I've been trying to reproduce this problem with your latest spreadsheet, but so far I've not been able to I'm afraid :(

I tried modifying your sheet so that the calculations were chained, as before, but that worked fine for me too. To try and make it fail I did a lot of clicking around and modifying cells (including the input cell A6) while it was still calculating, but I couldn't make it crash or freeze.

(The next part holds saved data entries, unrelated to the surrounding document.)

(* [value T.+1] also counts the reward at time [T], which vanishes in [sterm]. *)
Lemma Jobj_value th : Jobj T P r d0 pi th = \sum_(s : S) d0 s * value T.+1 th s.
Proof.
rewrite (state_dist_telescope (f := fun _ s a => pi th s a * mean_reward s a)
  (fun k s => value_succ th k s) T.+1 0).
rewrite [X in _ + X]big1 => [|s _]; last by rewrite value0 mulr0.
rewrite addr0 big_ord_recr /= add0n sum_state_dist_T.
rewrite [X in _ + X]big1 => [|a _]; last by rewrite mean_reward_term mulr0.
rewrite addr0; apply: eq_bigr => t _; rewrite add0n; apply: eq_bigr => s _.
rewrite mulr_sumr; apply: eq_bigr => a _; rewrite /mean_reward !mulr_sumr.
by apply: eq_bigr => s' _; rewrite !mulrA.
Qed.

Variable Rmax : R.
Hypotheses (r_bounded : forall s a s', `|r s a s'| <= Rmax) (Rmax_ge0 : 0 <= Rmax).

Lemma Qsteps_bound th g k s a : 0 <= g <= 1 -> `|Q k th g s a| <= k%:R * Rmax.
Proof.
move=> /andP[g0 g1]; elim: k s a => [|k IH] s a /=; first by rewrite normr0 mul0r.
apply: norm_convex_comb_le => // s'; apply: le_trans (ler_normD _ _) _.
rewrite -natr1 mulrDl mul1r addrC lerD // normrM (ger0_norm g0) -[leRHS]mul1r.
by rewrite ler_pM // norm_convex_comb_le // => a'; exact: ltW.
Qed.
(* Let $\mathcal{V}$ be a variety of groups such that every group in $\mathcal{V}$ is amenable and every relatively free group of $\mathcal{V}$ is right orderable. Then there exists a function $g\colon\mathbb{N}\to\mathbb{N}$ such that for every $Z\in\mathcal{V}$ and every $n$-element subset $U\subseteq Z$ there exists a finite nonempty set $F\subseteq Z$ with $|F|\leq g(n)$ and $|FU|\leq 2|F|$.
   Context: A group is right orderable if it admits a total order invariant under right multiplication. $FU=\{fu: f\in F, u\in U\}$. *)

From Stdlib Require Import Reals List.
Open Scope R_scope.

Record group := Group {
  carrier :> Type;
  gmul : carrier -> carrier -> carrier;
  gone : carrier;
  ginv : carrier -> carrier;
  gmulA : forall x y z, gmul x (gmul y z) = gmul (gmul x y) z;
  gmul1l : forall x, gmul gone x = x;
  gmulVl : forall x, gmul (ginv x) x = gone
}.

(* Group words over an alphabet X: letters x^{+1} (true) / x^{-1} (false). *)
Definition word (X : Type) := list (X * bool).

Fixpoint eval (G : group) (X : Type) (a : X -> G) (w : word X) : G :=
  match w with
  | nil => gone G
  | (x, b) :: w' =>
      gmul G (if b then a x else ginv G (a x)) (eval G X a w')
  end.

Definition laws := word nat -> Prop.

Definition in_variety (V : laws) (G : group) : Prop :=
  forall w, V w -> forall a : nat -> G, eval G nat a w = gone G.

Definition amenable (G : group) : Prop :=
  exists m : (G -> Prop) -> R,
    m (fun _ => True) = 1 /\
    (forall A, 0 <= m A) /\
    (forall A B : G -> Prop, (forall x, A x -> B x -> False) ->
        m (fun x => A x \/ B x) = m A + m B) /\
    (forall (g : G) (A : G -> Prop),
        m (fun x => A (gmul G (ginv G g) x)) = m A).

(* The relatively free group of V on the set X is the group of words over X
   modulo the relation "equal in every group of V under every assignment";
   multiplication is concatenation. *)
Definition relfree_eq (V : laws) (X : Type) (w1 w2 : word X) : Prop :=
  forall G : group, in_variety V G ->
    forall a : X -> G, eval G X a w1 = eval G X a w2.

Definition relfree_right_orderable (V : laws) (X : Type) : Prop :=
  exists lt : word X -> word X -> Prop,
    (forall w1 w1' w2 w2', relfree_eq V X w1 w1' -> relfree_eq V X w2 w2' ->
        lt w1 w2 -> lt w1' w2') /\
    (forall w, ~ lt w w) /\
    (forall w1 w2 w3, lt w1 w2 -> lt w2 w3 -> lt w1 w3) /\
    (forall w1 w2, relfree_eq V X w1 w2 \/ lt w1 w2 \/ lt w2 w1) /\
    (forall w1 w2 c, lt w1 w2 -> lt (w1 ++ c) (w2 ++ c)).

(* The relatively free group R of V on generators x_0, x_1, ... is countable
   and lies in V, hence is amenable.  A countable amenable group G has, for
   every finite X, a finite nonempty F with |FX| <= 2|F|: otherwise Hall's
   marriage theorem for countable families of finite sets gives an injection
   G x {0,1} -> G moving each point g into gX, which is impossible for an
   invariant mean.  Let g(n) := |F_n| for such an F_n with X = {x_0, ..., x_{n-1}}.
   Given u_0, ..., u_{n-1} in Z, the homomorphism R -> Z with x_i |-> u_i
   pushes F_n forward, and summing over the level sets
   S_l = {s | at least l points of F_n map to s} gives
   sum_l |S_l U| <= |F_n X| <= 2 |F_n| = 2 sum_l |S_l|, so some nonempty S_l
   has |S_l U| <= 2|S_l| and |S_l| <= |F_n|. *)

From Pilot Require Import Defs.
From Stdlib Require Import Reals List.
From HB Require Import structures.
From mathcomp Require Import ssreflect ssrbool.
From mathcomp Require all_boot zify boolp.
From Stdlib Require Import ClassicalEpsilon Lra.

Module VarietyFolner.
Import all_boot zify boolp.
Set Implicit Arguments. Unset Strict Implicit. Unset Printing Implicit Defensive.
Local Open Scope nat_scope.

HB.instance Definition _ (G : group) := gen_eqMixin (carrier G).

Local Notation "x *g y" := (gmul _ x y) (at level 40, left associativity).

Section GroupFacts.
Variable G : group.
Implicit Types x y z : G.

Lemma gmulVr x : x *g ginv G x = gone G.
Proof.
rewrite -[x *g _]gmul1l -{1}(gmulVl _ (ginv G x)).
by rewrite -gmulA (gmulA _ (ginv G x) x) gmulVl gmul1l gmulVl.
Qed.

Lemma gmul1r x : x *g gone G = x.
Proof. by rewrite -(gmulVl _ x) gmulA gmulVr gmul1l. Qed.

Lemma gmulKl x y : ginv G x *g (x *g y) = y.
Proof. by rewrite gmulA gmulVl gmul1l. Qed.

Lemma gmulKr x y : (y *g x) *g ginv G x = y.
Proof. by rewrite -gmulA gmulVr gmul1r. Qed.

Lemma gmulVKr x y : (y *g ginv G x) *g x = y.
Proof. by rewrite -gmulA gmulVl gmul1r. Qed.

Lemma gmulIl x : injective (gmul G x).
Proof. by move=> y z e; rewrite -(gmulKl x y) e gmulKl. Qed.

Lemma gmulIr x : injective (gmul G ^~ x).
Proof. by move=> y z e; rewrite -(gmulKr x y) /= e gmulKr. Qed.

Lemma ginv_uniq x y : x *g y = gone G -> ginv G x = y.
Proof. by move=> H; rewrite -[ginv G x]gmul1r -H gmulA gmulVl gmul1l. Qed.

Lemma ginvK x : ginv G (ginv G x) = x.
Proof. by apply: ginv_uniq; rewrite gmulVl. Qed.

Lemma ginvM x y : ginv G (x *g y) = ginv G y *g ginv G x.
Proof. by apply: ginv_uniq; rewrite -gmulA (gmulA _ y) gmulVr gmul1l gmulVr. Qed.

End GroupFacts.

(** * Relatively free groups *)

Lemma eval_cat (G : group) (X : Type) (a : X -> G) (w1 w2 : word X) :
  eval G X a (w1 ++ w2) = eval G X a w1 *g eval G X a w2.
Proof. by elim: w1 => [|[x b] w IH] /=; rewrite ?gmul1l // IH gmulA. Qed.

Definition winv (X : Type) (w : word X) : word X :=
  rev (map (fun p => (p.1, ~~ p.2)) w).

Lemma eval_winv (G : group) (X : Type) (a : X -> G) (w : word X) :
  eval G X a (winv w) = ginv G (eval G X a w).
Proof.
elim: w => [|[x b] w IH] /=.
  by apply/esym/ginv_uniq; rewrite gmul1l.
rewrite /winv map_cons rev_cons -cats1 eval_cat -/(winv w) IH ginvM /= gmul1r.
by case: b => //=; rewrite ginvK.
Qed.

(* The relatively free group on countably many generators is realised as the
   set of [relfree_eq]-classes of words, each class seen as a predicate. *)
Section RelativelyFree.
Variable V : laws.

Local Notation weq := (relfree_eq V nat).

Lemma weq_sym w1 w2 : weq w1 w2 -> weq w2 w1.
Proof. by move=> H G HG a; rewrite H. Qed.

Lemma weq_trans w1 w2 w3 : weq w1 w2 -> weq w2 w3 -> weq w1 w3.
Proof. by move=> H1 H2 G HG a; rewrite H1 // H2. Qed.

Definition rfree := {P : word nat -> Prop | exists w, P = weq w}.

Definition rclass (w : word nat) : rfree := exist _ (weq w) (ex_intro _ w erefl).

Lemma rclass_eq w1 w2 : weq w1 w2 -> rclass w1 = rclass w2.
Proof.
move=> H; apply: eq_exist; apply: funext => w; apply: propext.
by split; apply: weq_trans; [apply: weq_sym|].
Qed.

Definition rrep (c : rfree) : word nat := projT1 (cid (proj2_sig c)).

Lemma rrepK c : rclass (rrep c) = c.
Proof.
rewrite /rrep; case: (cid _) => w Hw /=.
by case: c Hw => P HP /= Hw; apply: eq_exist.
Qed.

Lemma rrep_rclass w : weq (rrep (rclass w)) w.
Proof.
have /(congr1 (@proj1_sig _ _)) /= -> := rrepK (rclass w).
by move=> G HG a.
Qed.

Lemma eval_rrep (G : group) (a : nat -> G) w : in_variety V G ->
  eval G nat a (rrep (rclass w)) = eval G nat a w.
Proof. by move=> HG; apply: rrep_rclass. Qed.

Definition rmul (c d : rfree) : rfree := rclass (rrep c ++ rrep d).
Definition rone : rfree := rclass [::].
Definition rinv (c : rfree) : rfree := rclass (winv (rrep c)).

Lemma rmulA c d e : rmul c (rmul d e) = rmul (rmul c d) e.
Proof. by apply: rclass_eq => G HG a; rewrite !eval_cat !eval_rrep // !eval_cat gmulA. Qed.

Lemma rmul1 c : rmul rone c = c.
Proof.
rewrite -[in RHS](rrepK c); apply: rclass_eq => G HG a.
by rewrite !eval_cat !eval_rrep //= gmul1l.
Qed.

Lemma rmulV c : rmul (rinv c) c = rone.
Proof. by apply: rclass_eq => G HG a; rewrite !eval_cat !eval_rrep // eval_winv gmulVl. Qed.

Definition relfree_group : group := Defs.Group rfree rmul rone rinv rmulA rmul1 rmulV.

Definition subst_word (a : nat -> rfree) (w : word nat) : word nat :=
  flatten (map (fun p => if p.2 then rrep (a p.1) else winv (rrep (a p.1))) w).

Lemma eval_relfree (a : nat -> relfree_group) w :
  eval relfree_group nat a w = rclass (subst_word a w).
Proof.
elim: w => [|[x b] w IH] //=.
rewrite IH /subst_word /= -/(subst_word a w); apply: rclass_eq => G HG c.
by rewrite !eval_cat eval_rrep //; case: b => //=; rewrite eval_rrep.
Qed.

Lemma eval_subst_word (G : group) (c : nat -> G) (a : nat -> rfree) w :
  eval G nat c (subst_word a w) = eval G nat (fun i => eval G nat c (rrep (a i))) w.
Proof.
elim: w => [|[x b] w IH] //=.
by rewrite eval_cat -/(subst_word a w) IH; case: b => //=; rewrite eval_winv.
Qed.

Lemma relfree_in_variety : in_variety V relfree_group.
Proof.
move=> w Hw a; rewrite eval_relfree; apply: rclass_eq => G HG c.
by rewrite eval_subst_word HG.
Qed.

Definition relfree_gen (i : nat) : relfree_group := rclass [:: (i, true)].

Lemma relfree_countable : exists e : nat -> relfree_group, forall c, exists k, e k = c.
Proof.
exists (fun k => if @unpickle (word nat) k is Some w then rclass w else rone).
by move=> c; exists (pickle (rrep c)); rewrite pickleK rrepK.
Qed.

Section Lift.
Variables (Z : group) (HZ : in_variety V Z) (u : nat -> Z).

Definition relfree_lift (c : relfree_group) : Z := eval Z nat u (rrep c).

Lemma relfree_liftM c d : relfree_lift (c *g d) = relfree_lift c *g relfree_lift d.
Proof. by rewrite /relfree_lift /= /rmul eval_rrep // eval_cat. Qed.

Lemma relfree_lift_gen i : relfree_lift (relfree_gen i) = u i.
Proof. by rewrite /relfree_lift eval_rrep //= gmul1r. Qed.

End Lift.
End RelativelyFree.

(** * Hall's theorem for countable families of finite sets *)

Lemma size_undup_cat (T : eqType) (s1 s2 : seq T) : uniq s1 -> uniq s2 ->
  size (undup (s1 ++ s2)) + size [seq x <- s1 | x \in s2] = size s1 + size s2.
Proof.
move=> u1 u2; rewrite undup_cat (undup_id u2) size_cat (undup_id u1).
have := count_predC (fun x => x \in s2) s1; rewrite !size_filter.
have -> : count (predC (fun x => x \in s2)) s1 = count (fun x => x \notin s2) s1 by [].
lia.
Qed.

Lemma uniq_map_snd_inj (A B : eqType) (s : seq (A * B)) v v' w :
  uniq (map snd s) -> (v, w) \in s -> (v', w) \in s -> v = v'.
Proof.
elim: s => [|[a b] s IH] //= /andP[nb us].
have nbs x : (x, w) \in s -> w != b.
  by move=> xw; apply: contraNneq nb => <-; apply: (map_f snd xw).
rewrite !in_cons !xpair_eqE.
case/orP=> [/andP[/eqP-> /eqP wb]|h1]; case/orP=> [/andP[/eqP-> /eqP w'b]|h2] //.
- by case/eqP: (nbs _ h2).
- by case/eqP: (nbs _ h1).
- exact: IH.
Qed.

Section CountableHall.
Variables (A B : eqType) (N : A -> seq B).
Implicit Types (st : seq (A * B)) (L : seq A).

(* A partial matching [st] is a list of pairs (vertex, chosen neighbour). *)
Definition avail st L := undup [seq w <- flatten (map N L) | w \notin map snd st].
Definition unmatched st L := all (fun v => v \notin map fst st) L.
Definition residual_hall st :=
  forall L, uniq L -> unmatched st L -> size L <= size (avail st L).
Definition tight st L := size (avail st L) = size L.
Definition blocker st v L := [/\ uniq L, unmatched st L, v \notin L & tight st L].

Lemma mem_avail st L w :
  (w \in avail st L) = (w \notin map snd st) && has (fun v => w \in N v) L.
Proof.
rewrite mem_undup mem_filter; congr (_ && _).
apply/flattenP/hasP => [[s /mapP[v vL ->] wN]|[v vL wN]]; first by exists v.
by exists (N v) => //; apply: map_f.
Qed.

Lemma unmatched_cat st L1 L2 :
  unmatched st (L1 ++ L2) = unmatched st L1 && unmatched st L2.
Proof. exact: all_cat. Qed.

Lemma unmatched_undup st L : unmatched st (undup L) = unmatched st L.
Proof. by apply: eq_all_r => v; rewrite mem_undup. Qed.

Lemma tight_union st L1 L2 : residual_hall st -> uniq L1 -> uniq L2 ->
  unmatched st L1 -> unmatched st L2 -> tight st L1 -> tight st L2 ->
  tight st (undup (L1 ++ L2)).
Proof.
move=> hst u1 u2 a1 a2 c1 c2.
have aU : unmatched st (undup (L1 ++ L2)) by rewrite unmatched_undup unmatched_cat a1.
have aI : unmatched st [seq x <- L1 | x \in L2]
  by apply/allP => v; rewrite mem_filter => /andP[_ /(allP a1)].
have gU := hst _ (undup_uniq _) aU.
have gI := hst _ (filter_uniq _ u1) aI.
have sL := size_undup_cat u1 u2.
have sA := size_undup_cat (undup_uniq [seq w <- flatten (map N L1) | w \notin map snd st])
  (undup_uniq [seq w <- flatten (map N L2) | w \notin map snd st]).
have e1 : size (avail st (undup (L1 ++ L2))) = size (undup (avail st L1 ++ avail st L2)).
  apply: perm_size; apply: uniq_perm; try exact: undup_uniq.
  move=> w; rewrite mem_undup mem_cat !mem_avail -andb_orr has_undup has_cat.
  by rewrite -!/(avail st _).
have e2 : size (avail st [seq x <- L1 | x \in L2]) <=
          size [seq x <- avail st L1 | x \in avail st L2].
  apply: uniq_leq_size; first exact: undup_uniq.
  move=> w; rewrite mem_filter !mem_avail => /andP[nw /hasP[v]].
  rewrite mem_filter => /andP[vL2 vL1] wN.
  by rewrite nw /=; apply/andP; split; apply/hasP; exists v.
move: c1 c2 gU gI e1 e2; rewrite /tight /avail; lia.
Qed.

I've attached my worksheet and the function used, but neither this nor your original sheet failed for me :(

I wonder if it's something that's been fixed in an update to Excel, and I'm using a more recent version? I've been testing using Excel 2016 version 1609, build 7369.2120. You can check your version under 'product information' on the right hand side of the account screen in Excel. If your version is older, try getting the latest version and see if that makes any difference.

Best regards,
Tony


32
Ok thanks - I will continue to investigate

33
Hi Alfredo,

hmm that's odd, the following code worked for me:

Code: [Select]
@xl_func(macro=True)
def automation_example(rows, cols, value):
    """copies value to a range of rows x cols below the calling cell"""
    # get the address of the calling cell using xlfCaller
    caller = pyxll.xlfCaller()
    address = caller.address

    # the update is done asynchronously so as not to block some
    # versions of Excel by updating the worksheet from a worksheet function
    def update_func():
        xl = xl_app()

        from win32com.client import constants
        if xl.CalculationState != constants.xlDone:
            print("Still calculating...")
            return

        range = xl.Range(address)

        # get the cell below and expand it to rows x cols
        range = xl.Range(range.Resize(2, 1), range.Resize(rows+1, cols))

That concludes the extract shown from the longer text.